*Assignment*
Find "Import GRing.Theory Num.Theory." in the data, then restate the line it sits in and every later line word for word, ending with the last line.

▶

Lemma devi_le_nondecreasing (g : R -> R) a b x :
  a < b -> a <= x <= (a + b) / 2 -> {within `[a, b], continuous g} ->
  {in `[a, b] &, {homo g : u v / u <= v}} ->
  devi a b g x <= brack (1 / 4) a b x * slopeS a b g.
Proof.
move=> ab /andP[ax xm] cg g_homo; set y := a + b - x.
have gle u v : a <= u -> u <= v -> v <= b -> g u <= g v.
  by move=> au uv vb; apply: g_homo => //; rewrite in_itv /=; apply/andP; split; lra.
have csub u v : a <= u -> v <= b -> {within `[u, v], continuous g}.
  by move=> au vb; apply: continuous_subspaceW cg; apply: subset_itvScc; rewrite bnd_simp.
have block u v : a <= u -> u <= v -> v <= b ->
    g u * (v - u) <= \int[mu]_(t in `[u, v]) g t <= g v * (v - u).
  move=> au uv vb; apply: Rintegral_cc_bounds => // [|t /andP[ut tv]].
    exact: csub.
  by apply/andP; split; apply: gle; lra.
have xb : x <= b by lra.
have xy : x <= y by rewrite /y; lra.
have yb : y <= b by rewrite /y; lra.
rewrite /devi /brack /slopeS (Rintegral_cc_split ax xb cg).
rewrite (Rintegral_cc_split xy yb (csub _ _ ax (lexx b))).
have B1 := block _ _ (lexx a) ax xb.
have B2 := block _ _ ax xy yb.
have B3 := block _ _ (le_trans ax xy) yb (lexx b).
have := nondecreasing_blocks_deviation_le (subrKC x (a + b)) ax xm
  (gle _ _ (lexx a) ax xb) (gle _ _ ax xy yb) (gle _ _ (le_trans ax xy) yb (lexx b))
  B1 B2 B3.
set D := (b - a) * _ - _ => D_le.
have ba0 : 0 < b - a by lra.
rewrite -/y mulrA.
have -> : (g x + g y) / 2 - (b - a)^-1 * (\int[mu]_(t in `[a, x]) g t +
    (\int[mu]_(t in `[x, y]) g t + \int[mu]_(t in `[y, b]) g t)) = D / (b - a).
  by rewrite /D; field; lra.
by rewrite normrM normfV (gtr0_norm ba0) ler_wpM2r // invr_ge0 ltW.
Qed.
(* Let $N, M \in \mathrm{GL}(3,\mathbb{Z})$ satisfy: (i) $NM = MN$; (ii) $1$ is an eigenvalue of $N^n M^m$ for all $(n,m) \in \mathbb{Z}^2$; (iii) $\{k \in \mathbb{Z}^3 : N^n M^m k = k \text{ for all } (n,m) \in \mathbb{Z}^2\} = \{0\}$. Then there exist $P \in \mathrm{GL}(3,\mathbb{Z})$ and integers $a,b,c,d$ such that $$P N P^{-1} = \begin{bmatrix} 1 & a & b \\ 0 & -1 & 0 \\ 0 & 0 & -1 \end{bmatrix}, \quad P M P^{-1} = \begin{bmatrix} -1 & 0 & c \\ 0 & -1 & d \\ 0 & 0 & 1 \end{bmatrix}.$$ In particular, the subgroup of $\mathrm{GL}(3,\mathbb{Z})$ generated by $N$ and $M$ is isomorphic to the Klein four-group. *)

From mathcomp Require Import all_boot all_order all_algebra.
Set Implicit Arguments. Unset Strict Implicit. Unset Printing Implicit Defensive.
Import Order.TTheory GRing.Theory Num.Theory.
Local Open Scope ring_scope.

Definition mx3 (a00 a01 a02 a10 a11 a12 a20 a21 a22 : int) : 'M[int]_3 :=
  \matrix_(i < 3, j < 3)
    nth 0 (nth [::] [:: [:: a00; a01; a02]; [:: a10; a11; a12]; [:: a20; a21; a22]] i) j.

Definition GL3Z (A : 'M[int]_3) : bool := A \in unitmx.

(* 1 is an eigenvalue of the integer matrix A (over Q, equivalently over C). *)
Definition has_eigenvalue_one (A : 'M[int]_3) : Prop :=
  eigenvalue (map_mx (fun z : int => z%:~R : rat) A) 1.

From Pilot Require Import Defs.
From mathcomp Require Import all_boot all_order all_algebra.
From mathcomp Require Import ring lra zify.
Set Implicit Arguments. Unset Strict Implicit. Unset Printing Implicit Defensive.
Import GRing.Theory Num.Theory.
Local Open Scope ring_scope.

◀

*Finished task*
Import GRing.Theory Num.Theory.
Local Open Scope ring_scope.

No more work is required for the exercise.